The crowd also saw protesters who had not put on masks, and who openly dared to arrest the police for illegally marching.

Soon, however, chaos prevailed as radicals swarmed around the government and financial headquarters in the Admiralty and Central. The mob threw stones, lit fires, and aimed lasers at policemen behind a barricade near Legco. At 5:30 pm, the patience of the police weakened and the anti-riot water cannons fired a relatively mild stream and tears of gas to disperse the crowd, which fought it off by firing more gasoline bombs and lighting fires. Less than an hour later, demonstrators armed with metal bars in the blue-and-white water barriers around Legco-a had found a weak link-and started to hack him.

The water cannons reappeared and sprayed blue liquid with pepper spray from a distance as the riot police fired more tear gas at the demonstrators.

The crowd dispersed in different directions and was as good as disappeared within a few minutes. She left the hills of metal fences, trash bins, traffic cones and other garbage they had accumulated.

On July 22, demonstrators stormed Legco on the occasion of Hong Kong's return from British rule to Chinese rule.

In a scene reminiscent of the storming of the building when protesters used a metal car as a battering ram to smash through Legco's glass facades, a group with a makeshift barricade appeared from part of the stadium seats.

They used this fixture to kindle a fire and within a few minutes a large flame was ignited.
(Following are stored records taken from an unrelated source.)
Lemma rsort_split_zeros L : Forall (fun v => 0 <= v) L ->
  exists k, rsort L = rsort (filter nonzero L) ++ repeat 0 k.
Proof.
  induction L as [|x L IH]; intros HL; [exists 0%nat; reflexivity|].
  inversion HL as [|? ? Hx HL']; subst. destruct (IH HL') as [k Hk]. simpl. rewrite Hk.
  assert (Hpos : Forall (fun v => 0 <= v) (rsort (filter nonzero L))).
  { apply rsort_nonneg. rewrite Forall_forall in *. intros z Hz. apply filter_In in Hz. apply HL'; tauto. }
  unfold nonzero at 2. destruct (Req_dec_T x 0) as [->|].
  - exists (S k). rewrite rinsert_nonneg_zeros, rinsert_zero, <- app_assoc by (auto; lra). reflexivity.
  - exists k. simpl. rewrite rinsert_nonneg_zeros; auto.
Qed.

Lemma nth_app_zeros l k n : nth n (l ++ repeat 0 k) 0 = nth n l 0.
Proof.
  destruct (Nat.lt_ge_cases n (length l)); [apply app_nth1; auto|].
  rewrite app_nth2, (nth_overflow l) by auto.
  destruct (Nat.lt_ge_cases (n - length l) k); [apply nth_repeat|].
  apply nth_overflow. rewrite repeat_length. auto.
Qed.

Lemma rsort_nth_nonzero_perm L1 L2 :
  Forall (fun v => 0 <= v) L1 -> Forall (fun v => 0 <= v) L2 ->
  Permutation (filter nonzero L1) (filter nonzero L2) ->
  forall n, nth n (rsort L1) 0 = nth n (rsort L2) 0.
Proof.
  intros H1 H2 HP n. destruct (rsort_split_zeros L1 H1) as [k1 ->].
  destruct (rsort_split_zeros L2 H2) as [k2 ->].
  rewrite !nth_app_zeros, (rsort_perm_eq _ _ HP). reflexivity.
Qed.

Section ConfSort.
Variable d : nat.

Fixpoint cinsert (a : Conf d) (os : list (Conf d)) : list (Conf d) :=
  match os with
  | [] => [a]
  | o :: os' => cmax a o :: cinsert (cmin a o) os'
  end.

Definition csort (A : list (Conf d)) : list (Conf d) := fold_right cinsert [] A.

Lemma csort_coord A i : map (fun o => o i) (csort A) = rsort (map (fun a => a i) A).
Proof.
  assert (Hins : forall a os, map (fun o => o i) (cinsert a os) = rinsert (a i) (map (fun o => o i) os)).
  { intros a os; revert a; induction os; intros; simpl; auto. rewrite IHos. reflexivity. }
  induction A; simpl; auto. rewrite Hins, IHA. reflexivity.
Qed.

Lemma csort_length A : length (csort A) = length A.
Proof.
  pose proof (f_equal (@length R) (csort_coord A (vzero d))) as H.
  rewrite !length_map, rsort_length, length_map in H. exact H.
Qed.

Lemma csort_sum (f : Conf d -> R) : (forall a b, f (cmax a b) + f (cmin a b) <= f a + f b) ->
  forall A, lsum f (csort A) <= lsum f A.
Proof.
  intros Hf. assert (Hins : forall a os, lsum f (cinsert a os) <= f a + lsum f os).
  { intros a os; revert a; induction os as [|o os IH]; intros a; simpl; [lra|].
    specialize (IH (cmin a o)). specialize (Hf a o). lra. }
  induction A as [|a A IH]; simpl; [lra|]. specialize (Hins a (csort A)). lra.
Qed.

End ConfSort.

Lemma lsum_nth_seq {X} (g : X -> R) (dflt : X) L N : (length L <= N)%nat ->
  lsum (fun n => g (nth n L dflt) - g dflt) (seq 0 N) = lsum (fun a => g a - g dflt) L.
Proof.
  revert N; induction L as [|a L IH]; intros N HN; simpl.
  - rewrite (lsum_ext_in _ (fun _ => 0)), lsum_zero; [reflexivity|].
    intros n _. destruct n; simpl; lra.
  - destruct N as [|N]; simpl in HN; [lia|]. simpl. rewrite <- seq_shift, lsum_map, IH by lia.
    reflexivity.
Qed.

Section Core.
Variable d : nat.
Variable S : Zd d -> Conf d -> R.
Variable r : R.
Variable p : nat -> Zd d.
Variable q : nat -> Z.
Hypothesis Hloc : local_pot S r.
Hypothesis Hsub : forall j a b, S j (cmax a b) + S j (cmin a b) <= S j a + S j b.
Hypothesis Hcov : forall j k l x, S j (tau k l x) = S (vadd j k) x.
Hypothesis indep : lin_indep p.
Variable Lp : list (Zd d).
Hypothesis HLpN : NoDup Lp.
Hypothesis HLp : forall z, In z Lp <-> in_Bp p z.
Variable x : Conf d.
Hypothesis Hx : in_Xpq p q x.
Hypothesis Hmin : forall y, in_Xpq p q y -> W_B S Lp x <= W_B S Lp y.

Notation P := (Pv d p).
Notation rep := (rep d p indep Lp HLp).
Notation nrep := (nrep d p indep Lp HLp).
Three explosions were heard as they threw petrol bombs into the flames.

Earlier, protesters attempted to enter the official residence of embattled Hong Kong leader Carrie Lam Cheng Yuet-ngor but were turned down by a riot police phalanx. [19659007] John Cheung Kwok-keung, a 30-year-old import-export businessman, was among the demonstrators, distributing supplies such as food coupons, masks and T-shirts.

He claimed to have done so since then The demonstrations began in June, his supplies were paid for by wealthy parents of young demonstrators. Cheung said he was not deterred by warnings about the illegality of the demonstrations.

"I still have confidence in the courts of Hong Kong and judge that I will be confirmed even if the police arrest me," he said.

Another protester, fully masked, said, "I do not care. I will do my best to escape, but if it is my destiny, it should be so.

Earlier in the day, demonstrators gathered at Wan Chai's Southorn Playground to attend a religious gathering to "pray for sinners," and they sang hymns before marching to Lame's residence in Government House. The group insisted that because they were part of a religious event, they did not need a police permit.

The "sinners" rally was organized after the civil rights front canceled a march from central to Beijing's West District Liaison Office following a demonstration decision of the appellate body to uphold the police's ban on the event.

They went to the playground and sang songs, including "Sing Hallelujah to the Lord."

The only relatively safe area on Hong Kong Island was the Western District during the day

The police had arranged a lock to protect the Liaison Office. The streets were closed and public transport closed until 1pm. The trams were stopped, the MTR service to Sai Yin Pun stopped and the bus lines redirected.

The Liaison Office – almost all surrounded by two-meter-high water-filled barriers and several police vehicles stationed nearby – remained consistently flawless. [19659007] Last Sunday, a police officer unleashed a live round after being tracked down and beaten by a mob of iron bars and his colleagues in Tsuen Wan. This Sunday, demonstrators pledged to bring chaos to another day of chaos at the airport.